Peter Lindau

Personal information
- Date of birth: 9 December 1972 (age 53)
- Position: Midfielder

Senior career*
- Years: Team / Apps / (Gls)
- Halmstad
- 1994: Lund
- 1995–1999: Halmia
- 1999–2000: Ayr United / 16 / (0)
- 1999–2000: → Partick Thistle (loan) / 9 / (4)
- 2000–2001: Partick Thistle / 31 / (9)
- 2001–2004: Strømsgodset
- 2005–2007: Kongsvinger / 67 / (12)

Managerial career
- 2008–present: Astrio

= Peter Lindau =

Swedish footballer and manager

Peter Lindau (born 9 December 1972) is a Swedish retired football midfielder.

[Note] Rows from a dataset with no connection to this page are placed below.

Lemma family_autI (a : {perm 'I_n} * {perm 'I_m}) i j : a \in family_aut ->
  a.1 @: (F i :&: F j) = F (a.2 i) :&: F (a.2 j).
Proof.
by move/family_autP=> autF; rewrite imsetI ?autF // => x y _ _; apply: perm_inj.
Qed.

End FamilyAutomorphisms.

Section Symmetrization.
Variables (R : realType) (n m : nat) (F : 'I_m -> {set 'I_n}).
Variable s : 'I_m -> 'I_m -> 'I_n -> R.

Local Notation A := (family_aut F).

Definition symmetrize i j p : R :=
  #|A|%:R^-1 * \sum_(a in A) s (a.2 i) (a.2 j) (a.1 p).

Lemma card_family_aut_neq0 : #|A|%:R != 0 :> R.
Proof. by rewrite pnatr_eq0 -lt0n; apply/card_gt0P; exists 1%g; apply: group1. Qed.

Lemma intersecting_system_symmetrize :
  intersecting_system F s -> intersecting_system F symmetrize.
Proof.
case=> s_ge0 s_sum s_supp; split => [i j p|i j|i j p].
- by rewrite mulr_ge0 ?invr_ge0 // sumr_ge0.
- rewrite -mulr_sumr exchange_big /=.
  under eq_bigr => a _ do rewrite sum_perm s_sum.
  by rewrite sumr_const mulVf ?card_family_aut_neq0.
- apply: contraTT => p_notin; rewrite /symmetrize big1 ?mulr0 ?ltxx // => a autFa.
  apply/eqP; rewrite eq_le s_ge0 andbT leNgt; apply: contra p_notin => /s_supp.
  by rewrite -family_autI // mem_imset //; apply: perm_inj.
Qed.

Lemma load_symmetrize (c : R) p :
  load (fun=> c) symmetrize p = #|A|%:R^-1 * \sum_(a in A) load (fun=> c) s (a.1 p).
Proof.
have -> : \sum_(a in A) load (fun=> c) s (a.1 p) =
          \sum_(a in A) \sum_i \sum_j c * c * s (a.2 i) (a.2 j) (a.1 p).
  apply: eq_bigr => a _; rewrite /load -(sum_perm a.2); apply: eq_bigr => i _.
  by rewrite -(sum_perm a.2).
rewrite exchange_big mulr_sumr /load; apply: eq_bigr => i _.
rewrite exchange_big mulr_sumr; apply: eq_bigr => j _.
by rewrite /symmetrize mulrCA -!mulr_sumr.
Qed.

Lemma load_symmetrize_const (c : R) : symmetric_family F ->
  forall p q, load (fun=> c) symmetrize p = load (fun=> c) symmetrize q.
Proof.
move=> symF p q; have [b autFb <-] := symmetric_family_aut_transitive symF q p.
rewrite !load_symmetrize [in RHS](reindex_inj (mulgI b)) /=.
by congr (_ * _); apply: eq_big => [a|a _]; rewrite ?groupMl // permM.
Qed.

End Symmetrization.

Section ChoiceSystem.
Variables (R : realType) (n m : nat) (F : 'I_m -> {set 'I_n}).

Definition choice_system i j p : R := ([pick x in F i :&: F j] == Some p)%:R.

Lemma intersecting_system_choice :
  intersecting F -> intersecting_system F choice_system.
Proof.
rewrite /choice_system => interF; split => [i j p|i j|i j p] //.
- case: pickP => [x _|none]; last by case/set0Pn: (interF i j) => x; rewrite none.
  rewrite (bigD1 x) //= eqxx big1 ?addr0 // => p.
  by rewrite (inj_eq Some_inj) eq_sym => /negbTE ->.
- case: pickP => [x Fx|_]; last by rewrite ltxx.
  by case: eqP => [[<-] //|]; rewrite ltxx.
Qed.

End ChoiceSystem.

Lemma symmetric_intersecting_balanceable (R : realType) n m
    (F : 'I_m -> {set 'I_n}) :
  (0 < m)%N -> symmetric_family F -> intersecting F -> balanceable R F.
Proof.
move=> m_gt0 symF interF.
apply: (balanceable_const_load (s := symmetrize F (choice_system R F))) => //.
  exact/intersecting_system_symmetrize/intersecting_system_choice.
exact: load_symmetrize_const.
Qed.

Lemma symmetric_family_regular n m (F : 'I_m -> {set 'I_n}) :
  symmetric_family F -> regular F.
Proof.
case: n F => [|n] F symF; first by exists 0%N => -[].
exists #|[set i | ord0 \in F i]| => p.
have [phi [phi_p [sigma autF]]] := symF p ord0.
rewrite -(card_imset _ (@perm_inj _ sigma)); apply: eq_card => i.
rewrite -[i](permKV sigma) mem_imset ?inE; last exact: perm_inj.
by rewrite -autF -phi_p mem_imset //; apply: perm_inj.
Qed.

Lemma mass_bound (R : realType) n m (F : 'I_m -> {set 'I_n}) w s
    (T : {set 'I_n}) (I : {set 'I_m}) :
  (forall i, 0 <= w i) -> intersecting_system F s ->
  (forall p, load w s p = n%:R^-1) ->
  (forall p i, p \in T -> p \in F i -> i \in I) ->
  #|T|%:R / n%:R <= (\sum_(i in I) w i) ^+ 2 :> R.
Proof.
move=> w_ge0 [s_ge0 s_sum s_supp] bal TI.
pose t i j := \sum_(p in T) s i j p.
have t_ge0 i j : 0 <= t i j by apply: sumr_ge0.
have t_le1 i j : t i j <= 1.
  rewrite -(s_sum i j) [leRHS](bigID (mem T)) /= lerDl.
  by apply: sumr_ge0.
have t0 i j : ~~ ((i \in I) && (j \in I)) -> t i j = 0.
  move=> notIij; apply: big1 => p pT; apply/eqP; rewrite eq_le s_ge0 andbT leNgt.
  apply: contra notIij => /s_supp; rewrite inE.
  by case/andP=> /(TI _ _ pT) -> /(TI _ _ pT).
have -> : #|T|%:R / n%:R = \sum_(p in T) load w s p.
  by rewrite (eq_bigr _ (fun p _ => bal p)) sumr_const mulr_natl.
have -> : \sum_(p in T) load w s p = \sum_i \sum_j w i * w j * t i j.
  rewrite exchange_big /=; apply: eq_bigr => i _.
  by rewrite exchange_big /=; apply: eq_bigr => j _; rewrite mulr_sumr.
rewrite expr2 big_distrlr /= [leRHS]big_mkcond /=; apply: ler_sum => i _.
case: ifP => Ii; last by rewrite big1 // => j _; rewrite t0 ?Ii ?mulr0.
rewrite [leRHS]big_mkcond /=; apply: ler_sum => j _.
case: ifP => Ij; last by rewrite t0 ?Ij ?andbF ?mulr0.
by rewrite ler_piMr ?mulr_ge0.
Qed.

Lemma card_ord_set n (P : pred nat) : #|[set p : 'I_n | P p]| = count P (iota 0 n).
Proof.
by rewrite -sum1dep_card -(big_mkord P (fun=> 1%N)) sum1_count /index_iota subn0.
Qed.

Lemma mem_iota_ord k (x : 'I_k) : val x \in iota 0 k.
Proof. by rewrite mem_iota ltn_ord. Qed.

Section SeqFamily.
Variables (n m : nat) (S : seq (seq nat)).

Definition seq_family (i : 'I_m) : {set 'I_n} :=
  [set p : 'I_n | val p \in nth [::] S i].

Lemma card_seq_familyI i j :
  #|seq_family i :&: seq_family j| =
  count (fun p => (p \in nth [::] S i) && (p \in nth [::] S j)) (iota 0 n).
Proof. by rewrite -card_ord_set; apply: eq_card => p; rewrite !inE. Qed.

Lemma card_seq_family_degree (p : 'I_n) :
  #|[set i | p \in seq_family i]| = count (fun i => val p \in nth [::] S i) (iota 0 m).
Proof. by rewrite -card_ord_set; apply: eq_card => i; rewrite !inE. Qed.

Lemma seq_family_uniform k :
  all (fun i => count (mem (nth [::] S i)) (iota 0 n) == k) (iota 0 m) ->
  uniform seq_family.
Proof.
move/allP=> card_k; exists k => i; rewrite card_ord_set.
by apply/eqP/card_k; rewrite mem_iota_ord.
Qed.

Lemma seq_family_regular d :
  all (fun p => count (fun i => p \in nth [::] S i) (iota 0 m) == d) (iota 0 n) ->
  regular seq_family.
Proof.
move/allP=> deg_d; exists d => p; rewrite card_seq_family_degree.
by apply/eqP/deg_d; rewrite mem_iota_ord.
Qed.

Lemma seq_family_intersecting :
  all (fun i => all (fun j =>
    has (fun p => (p \in nth [::] S i) && (p \in nth [::] S j)) (iota 0 n))
  (iota 0 m)) (iota 0 m) ->
  intersecting seq_family.
Proof.
move/allP=> meet i j; have /allP/(_ j (mem_iota_ord j))/hasP[p] :=
  meet i (mem_iota_ord i).
rewrite mem_iota => /andP[_ p_lt_n] Sij.
by apply/set0Pn; exists (Ordinal p_lt_n); rewrite !inE.
Qed.

End SeqFamily.

Section UniformSystem.
Variables (R : realType) (n m : nat) (F : 'I_m -> {set 'I_n}).

Definition uniform_system i j p : R :=
  if p \in F i :&: F j then #|F i :&: F j|%:R^-1 else 0.

Lemma intersecting_system_uniform :
  intersecting F -> intersecting_system F uniform_system.
Proof.
rewrite /uniform_system => interF; split => [i j p|i j|i j p].
- by case: ifP; rewrite ?invr_ge0.
- rewrite -big_mkcond sumr_const -[LHS]mulr_natr mulVf // pnatr_eq0 -lt0n.
  by rewrite card_gt0 interF.
- by case: ifP => // _; rewrite ltxx.
Qed.
End UniformSystem.

Definition F2 : 'I_4 -> {set 'I_3} :=
  seq_family 3 [:: [:: 0; 1]; [:: 0; 2]; [:: 1; 2]; [:: 0; 1]].

Lemma F2_uniform : uniform F2.
Proof. by apply: (seq_family_uniform (k := 2)). Qed.

Lemma F2_intersecting : intersecting F2.
Proof. by apply: seq_family_intersecting. Qed.

Lemma F2_not_regular : ~ regular F2.
Proof.
case=> d deg; have := deg (@Ordinal 3 2 isT).
by rewrite -(deg ord0) !card_seq_family_degree.
Qed.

He started his career in Halmstads BK, and joined Lunds BK in 1994. He broke his leg and only got three matches, but joined IS Halmia the next year. He joined Ayr United in August 1999, and remained with them until August 2000. In between he spent time on loan at Partick Thistle from December 1999 to March 2000. In August 2000 he joined Partick Thistle permanently, leaving them in June 2001. He then joined Strømsgodset IF, and played eleven Norwegian Premier League game in 2001, scoring four goals. Strømsgodset were relegated, but Lindau stayed there until after the 2004 season. He was rumored to transfer to IF Birkebeineren, Mjøndalen IF or Hønefoss BK, but chose Kongsvinger IL. He scored 12 goals in 67 games over three seasons.

Ahead of the 2008 season he became head coach of IS Halmia.